Lemma usym_sym (E : arcs n) : symmetric (usym E).
Proof. by move=> x y; rewrite /usym orbC. Qed.

Lemma connect_usym_path_arcs (E : arcs n) (s : seq 'I_n) x y : path_arcs s \subset E ->
  x \in s -> y \in s -> connect (usym E) x y.
Proof.
case: s => [|h t] // arcs_ht.
suff from_h z : z \in h :: t -> connect (usym E) h z.
  move=> /from_h hx /from_h; apply: connect_trans.
  by rewrite (sym_connect_sym (@usym_sym E)).
elim: t h arcs_ht => [|h' t IH] h arcs_ht; first by rewrite inE => /eqP ->.
case/predU1P=> [-> //|zt]; apply: connect_trans (IH h' _ zt).
  by apply: connect1; rewrite /usym (subsetP arcs_ht) ?setU11.
exact: subset_trans (path_arcs_cons h _) arcs_ht.
Qed.

Lemma connect_usym_chain (E : arcs n) cs c x y : chain_decomposition E cs ->
  c \in cs -> x \in c -> connect (usym E) x y = (y \in c).
Proof.
case=> _ chains_cs uniq_cs sources_cs ccs xc.
have [[_ _ arcs_c closed_c] _] := chains_cs c ccs.
apply/idP/idP; last exact: connect_usym_path_arcs.
have arc_closed a b : (a, b) \in E -> (a \in c) = (b \in c).
  move=> ab; apply/idP/idP => [ac|bc]; first exact: closed_c ab.
  have /flattenP [c' c'cs ac'] := sources_cs _ _ ab.
  have [[_ _ _ closed_c'] _] := chains_cs c' c'cs.
  by rewrite (uniq_flatten_disjoint uniq_cs ccs c'cs bc (closed_c' _ _ ac' ab)).
move=> /(closed_connect _) <- //; apply: intro_closed.
  exact: sym_connect_sym (@usym_sym E).
by move=> a b /orP [] /arc_closed ->.
Qed.
Lemma marginal_ext_positive :
  positive_lp Q -> (forall x, positive_lp (E x)) -> positive_lp P.
Proof.
move=> [cQ posQ] posE; have cP := marginal_ext_coherent cQ (fun x => (posE x).1).
split=> // -[x0 w0]; set u := upper (E x0) (ind (pred1 w0)).
(* the upper probability of (x0, w0) factorises as u times that of x0 *)
have E_ind x : E x (fun w => - ind (pred1 (x0, w0)) (x, w)) = u * - ind (pred1 x0) x.
  rewrite /ind /=; have [->|ne] := eqVneq x x0.
    rewrite mulr1n mulrN1 /u /upper opprK; congr E; apply: funext => w.
    by rewrite xpair_eqE eqxx.
  rewrite mulr0n oppr0 mulr0 -(coherent_lp0 (posE x).1); congr E; apply: funext => w.
  by rewrite xpair_eqE (negbTE ne) mulr0n oppr0.
have [_ homQ _] := cQ; rewrite /upper P_def (eq_fun E_ind) homQ;
  last exact: ltW ((posE x0).2 w0).
by rewrite -mulrN mulr_gt0 ?((posE x0).2 w0) ?(posQ x0).
Qed.

End MarginalExtension.

Lemma outs_surj (X O : nat -> finType) m k :
  (forall j, (k <= j < k + m)%N -> (0 < #|X j|)%N) ->
  forall o : Os O m k, exists y : Ys X O m k, outs y = o.
Proof.
elim: m k => [|m IH] k X_nonempty o /=; first by exists tt; case: o.
case: o => o1 o'.
have /card_gt0P [x _] : (0 < #|X k|)%N by apply: X_nonempty; rewrite leqnn addnS ltnS leq_addr.
have [y' <-] : exists y' : Ys X O m k.+1, outs y' = o'.
  by apply: IH => j /andP[kj jm]; apply: X_nonempty; rewrite (ltnW kj) addnS -addSn.
by exists (x, (o1, y')).
Qed.

Unset Implicit Arguments.

Section ImpreciseHiddenMarkovModel.
Variables (R : realType) (n : nat) (X O : nat -> finType)
  (Q : forall k : nat, X k.-1 -> (X k -> R) -> R)
  (S : forall k : nat, X k -> (O k -> R) -> R)
  (P : forall k m : nat, X k.-1 -> (Ys X O m.+1 k -> R) -> R)
  (E : forall k m : nat, X k -> ((O k * Ys X O m k.+1)%type -> R) -> R).
Hypothesis Q_coherent : forall k, (1 <= k <= n)%N -> forall z : X k.-1, coherent_lp (Q k z).
Hypothesis S_coherent : forall k, (1 <= k <= n)%N -> forall z : X k, coherent_lp (S k z).
Hypothesis Q_pos : forall k, (1 <= k <= n)%N -> forall (z : X k.-1) (x : X k),
  0 < upper (Q k z) (ind (pred1 x)).
Hypothesis S_pos : forall k, (1 <= k <= n)%N -> forall (z : X k) (o : O k),
  0 < upper (S k z) (ind (pred1 o)).
Hypothesis E_last : forall (z : X n) (f : (O n * Ys X O 0 n.+1)%type -> R),
  E n 0%N z f = S n z (fun o => f (o, tt)).
Hypothesis E_indep : forall k m : nat, (1 <= k)%N -> (k + m.+1 = n)%N -> forall z : X k,
  is_indep_nat_ext (S k z) (P k.+1 m z) (E k m.+1 z).
Hypothesis P_marginal : forall k m : nat, (1 <= k)%N -> (k + m = n)%N ->
  forall (z : X k.-1) (f : Ys X O m.+1 k -> R),
  P k m z f = Q k z (fun x => E k m x (fun w => f (x, w))).
(* Let $A$ be a finite-dimensional real associative algebra with unit $u$, and let $\{\cdot,\cdot\}$ be a quadratic Poisson bracket on $A$ compatible with its multiplication, with dual map $\delta\colon\mathrm{Symm}(A\otimes A)\to A\wedge A$. Then the group $A^\times$ of invertible elements of $A$ (an open subset of $A$), equipped with the restriction of this bracket, is a Poisson Lie group, and its tangent Lie bialgebra is $A_L$ with cocommutator $\Delta(x)=\delta(x\otimes u+u\otimes x)$.
   Context: $A_L$ is the Lie algebra on $A$ with bracket $[a,b]=ab-ba$ (the Lie algebra of $A^\times$). A quadratic Poisson bracket on $A$ is a Poisson bracket on $C^\infty(A)$ such that the bracket of two linear functions (elements of $A^*$) is a homogeneous quadratic function; it is encoded by $\delta^*(\xi\wedge\eta)=\{\xi,\eta\}\in\mathrm{Sym}^2(A^* )$, and $\delta$ is the dual map, with $\mathrm{Symm}(A\otimes A)$ (symmetric tensors) identified with $(\mathrm{Sym}^2A^* )^*$ and $A\wedge A$ (skew-symmetric tensors) with $(A^*\wedge A^* )^*$. Compatibility with the multiplication means that the multiplication map $A\times A\to A$ is a Poisson map when $A\times A$ carries the product Poisson structure. A Poisson Lie group is a Lie group with a Poisson bracket such that the group multiplication $G\times G\to G$ is a Poisson map; its tangent Lie bialgebra is the Lie algebra with cocommutator given by the linearization of the Poisson tensor at the identity. *)

From HB Require Import structures.
From mathcomp Require Import all_boot all_order all_algebra.
From mathcomp Require Import all_classical all_reals all_analysis.
Set Implicit Arguments. Unset Strict Implicit. Unset Printing Implicit Defensive.
Import Order.TTheory GRing.Theory Num.Theory.
Import numFieldNormedType.Exports.
Local Open Scope classical_set_scope.
Local Open Scope ring_scope.

(* Coordinates: a finite-dimensional real vector space is 'rV[R]_n.
   Tensors in A (x) A are n x n matrices, x (x) y := x^T *m y.
   A /\ A = is_skew_mx-symmetric matrices, Symm(A (x) A) = symmetric matrices.
   Pairing with the dual: <M, xi (x) eta> = xi *m M *m eta^T. *)

Definition tens {R : realType} {n : nat} (x y : 'rV[R]_n) : 'M[R]_n := x^T *m y.

Definition is_skew_mx {R : realType} {n : nat} (M : 'M[R]_n) : Prop := M^T = - M.
Definition is_symm_mx {R : realType} {n : nat} (M : 'M[R]_n) : Prop := M^T = M.

Definition ev {R : realType} {n : nat} (i : 'I_n) : 'rV[R]_n := delta_mx 0 i.

Definition pd {R : realType} {n : nat} (f : 'rV[R]_n -> R) (i : 'I_n) (x : 'rV[R]_n) : R :=
  derive f x (ev i).

Definition assoc_unital_algebra {R : realType} {n : nat}
    (mul : 'rV[R]_n -> 'rV[R]_n -> 'rV[R]_n) (u : 'rV[R]_n) : Prop :=
  [/\ (forall (a : R) x y z, mul (a *: x + y) z = a *: mul x z + mul y z),
      (forall (a : R) x y z, mul z (a *: x + y) = a *: mul z x + mul z y),
      (forall x y z, mul x (mul y z) = mul (mul x y) z) &
      (forall x, mul u x = x /\ mul x u = x)].

(* A bivector field P (P x i j = {x_i, x_j}(x)) on an open set U and the
   Poisson bracket it defines: {f,g}(x) = sum_ij P x i j d_i f(x) d_j g(x). *)
Definition pbracket {R : realType} {n : nat} (P : 'rV[R]_n -> 'M[R]_n)
    (f g : 'rV[R]_n -> R) : 'rV[R]_n -> R :=
  fun x => \sum_(i < n) \sum_(j < n) P x i j * pd f i x * pd g j x.

(* P is a Poisson structure on the open set U: smooth-enough is_skew_mx bivector
   field satisfying the Jacobi identity (in coordinates: Jacobi for the
   coordinate functions, equivalently [P,P] = 0). *)
Definition poisson_structure {R : realType} {n : nat} (U : set 'rV[R]_n)
    (P : 'rV[R]_n -> 'M[R]_n) : Prop :=
  [/\ open U,
      (forall x, U x -> differentiable P x),
      (forall x, U x -> is_skew_mx (P x)) &
      (forall x, U x -> forall i j k : 'I_n,
         \sum_(l < n) (P x i l * pd (fun y => P y j k) l x
                     + P x j l * pd (fun y => P y k i) l x
                     + P x k l * pd (fun y => P y i j) l x) = 0)].

Definition jac {R : realType} {n m : nat} (phi : 'rV[R]_n -> 'rV[R]_m)
    (x : 'rV[R]_n) : 'M[R]_(m, n) :=
  \matrix_(k, i) pd (fun y => phi y 0 k) i x.

Definition poisson_map {R : realType} {n m : nat}
    (U1 : set 'rV[R]_n) (P1 : 'rV[R]_n -> 'M[R]_n)
    (U2 : set 'rV[R]_m) (P2 : 'rV[R]_m -> 'M[R]_m)
    (phi : 'rV[R]_n -> 'rV[R]_m) : Prop :=
  (forall x, U1 x -> U2 (phi x)) /\
  (forall x, U1 x -> differentiable phi x /\
     jac phi x *m P1 x *m (jac phi x)^T = P2 (phi x)).

Definition prod_set {R : realType} {n : nat} (U : set 'rV[R]_n) : set 'rV[R]_(n + n) :=
  [set z | U (lsubmx z) /\ U (rsubmx z)].

Definition prod_P {R : realType} {n : nat} (P : 'rV[R]_n -> 'M[R]_n)
    (z : 'rV[R]_(n + n)) : 'M[R]_(n + n) :=
  block_mx (P (lsubmx z)) 0 0 (P (rsubmx z)).

Definition mulmap {R : realType} {n : nat} (mul : 'rV[R]_n -> 'rV[R]_n -> 'rV[R]_n)
    (z : 'rV[R]_(n + n)) : 'rV[R]_n := mul (lsubmx z) (rsubmx z).

Definition poisson_lie_group {R : realType} {n : nat}
    (mul : 'rV[R]_n -> 'rV[R]_n -> 'rV[R]_n) (u : 'rV[R]_n)
    (U : set 'rV[R]_n) (P : 'rV[R]_n -> 'M[R]_n) : Prop :=
  [/\ U u,
      (forall x, U x -> exists y, U y /\ mul x y = u /\ mul y x = u),
      poisson_structure U P,
      poisson_structure (prod_set U) (prod_P P) &
      poisson_map (prod_set U) (prod_P P) U P (mulmap mul)].

Definition linearization {R : realType} {n : nat} (P : 'rV[R]_n -> 'M[R]_n)
    (u x : 'rV[R]_n) : 'M[R]_n :=
  \matrix_(i, j) derive (fun y => P y i j) u x.

Definition ad_tens {R : realType} {n : nat} (br : 'rV[R]_n -> 'rV[R]_n -> 'rV[R]_n)
    (x : 'rV[R]_n) (T : 'M[R]_n) : 'M[R]_n :=
  \sum_(i < n) \sum_(j < n) T i j *: (tens (br x (ev i)) (ev j) + tens (ev i) (br x (ev j))).

(* dual bracket on A^* (dual basis coordinates) induced by D *)
Definition cobr {R : realType} {n : nat} (D : 'rV[R]_n -> 'M[R]_n)
    (xi eta : 'rV[R]_n) : 'rV[R]_n :=
  \row_k (xi *m D (ev k) *m eta^T) 0 0.

Definition lie_bialgebra {R : realType} {n : nat}
    (br : 'rV[R]_n -> 'rV[R]_n -> 'rV[R]_n) (D : 'rV[R]_n -> 'M[R]_n) : Prop :=
  [/\
      (forall (a : R) x y z, br (a *: x + y) z = a *: br x z + br y z),
      (forall x y, br x y = - br y x) &
      (forall x y z, br x (br y z) + br y (br z x) + br z (br x y) = 0)] /\
  [/\
      (forall (a : R) x y, D (a *: x + y) = a *: D x + D y),
      (forall x, is_skew_mx (D x)),
      (forall xi eta zeta, cobr D xi (cobr D eta zeta) + cobr D eta (cobr D zeta xi)
                           + cobr D zeta (cobr D xi eta) = 0) &
      (forall x y, D (br x y) = ad_tens br x (D y) - ad_tens br y (D x))].

Definition commutator {R : realType} {n : nat} (mul : 'rV[R]_n -> 'rV[R]_n -> 'rV[R]_n)
    (x y : 'rV[R]_n) : 'rV[R]_n := mul x y - mul y x.

Definition units {R : realType} {n : nat} (mul : 'rV[R]_n -> 'rV[R]_n -> 'rV[R]_n)
    (u : 'rV[R]_n) : set 'rV[R]_n :=
  [set x | exists y, mul x y = u /\ mul y x = u].

From HB Require Import structures.
From mathcomp Require Import all_boot all_order all_algebra.
From mathcomp Require Import all_classical all_reals all_analysis.
From mathcomp Require Import perm ring lra.
Set Implicit Arguments. Unset Strict Implicit. Unset Printing Implicit Defensive.
Import Order.TTheory GRing.Theory Num.Theory.
Import numFieldNormedType.Exports.
Local Open Scope classical_set_scope.
Local Open Scope ring_scope.

(* Write P x := delta (x (x) x) and let L_x, R_x be the matrices of left and right
   multiplication.  Compatibility of the bracket with the multiplication reads
     P (x y) = R_y^T P(x) R_y + L_x^T P(y) L_x,
   which at x = y = u gives P(u) = 0.  The units form an open set (the zero set of
   x |-> det L_x is closed), restrictions and products of Poisson structures are
   Poisson, so A^x is a Poisson Lie group.  Since P is quadratic, its linearization
   at u is Delta x = delta (x (x) u + u (x) x).  Differentiating the compatibility
   identity at (u, u), first in y and then in x, gives
     Delta (a b) + delta (a (x) b + b (x) a)
       = R_b^T Delta a + Delta a R_b + L_a^T Delta b + Delta b L_a,
   whose antisymmetrization in (a, b) is the cocycle condition.  The coefficient of
   t in the Jacobi identity of P at t w + u is the co-Jacobi identity of Delta. *)

Section Derivatives.
Context {R : realType}.

Lemma derive_quadratic (V W : normedModType R) (f : V -> W) (x v : V) (c d : W) :
  (forall h : R, f (h *: v + x) = f x + h *: c + h ^+ 2 *: d) -> 'D_v f x = c.
Proof.
move=> fE; apply: cvg_lim => //.
have lin_quot : {near 0^', (fun h : R => c + h *: d)
    =1 (fun h => h^-1 *: ((f \o shift x) (h *: v) - f x))}.
  near=> h; have h0 : h != 0 by near: h; exact: nbhs_dnbhs_neq.
  by rewrite /= fE [X in h^-1 *: X]addrC !addrA addNr add0r scalerDr !scalerA
             expr2 mulrA mulVf // mul1r scale1r.
apply: cvg_trans (near_eq_cvg lin_quot) _.
have : (fun h : R => c + h *: d) @ 0 --> c + 0 *: d.
  by apply: cvgD; [exact: cvg_cst | apply: cvgZr_tmp; exact: cvg_id].
by rewrite scale0r addr0; exact: cvg_within_filter.
Unshelve. all: by end_near. Qed.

**What is expected:**
Out of the data above, set down the lines from the one with "y : 'rV[R]_n) : 'M[R]_n" to the one with "coordinate functions, equivalently", both included, exactly as written and with no additions.

**Task output:**
Definition tens {R : realType} {n : nat} (x y : 'rV[R]_n) : 'M[R]_n := x^T *m y.

Definition is_skew_mx {R : realType} {n : nat} (M : 'M[R]_n) : Prop := M^T = - M.
Definition is_symm_mx {R : realType} {n : nat} (M : 'M[R]_n) : Prop := M^T = M.

Definition ev {R : realType} {n : nat} (i : 'I_n) : 'rV[R]_n := delta_mx 0 i.

Definition pd {R : realType} {n : nat} (f : 'rV[R]_n -> R) (i : 'I_n) (x : 'rV[R]_n) : R :=
  derive f x (ev i).

Definition assoc_unital_algebra {R : realType} {n : nat}
    (mul : 'rV[R]_n -> 'rV[R]_n -> 'rV[R]_n) (u : 'rV[R]_n) : Prop :=
  [/\ (forall (a : R) x y z, mul (a *: x + y) z = a *: mul x z + mul y z),
      (forall (a : R) x y z, mul z (a *: x + y) = a *: mul z x + mul z y),
      (forall x y z, mul x (mul y z) = mul (mul x y) z) &
      (forall x, mul u x = x /\ mul x u = x)].

(* A bivector field P (P x i j = {x_i, x_j}(x)) on an open set U and the
   Poisson bracket it defines: {f,g}(x) = sum_ij P x i j d_i f(x) d_j g(x). *)
Definition pbracket {R : realType} {n : nat} (P : 'rV[R]_n -> 'M[R]_n)
    (f g : 'rV[R]_n -> R) : 'rV[R]_n -> R :=
  fun x => \sum_(i < n) \sum_(j < n) P x i j * pd f i x * pd g j x.

(* P is a Poisson structure on the open set U: smooth-enough is_skew_mx bivector
   field satisfying the Jacobi identity (in coordinates: Jacobi for the
   coordinate functions, equivalently [P,P] = 0). *)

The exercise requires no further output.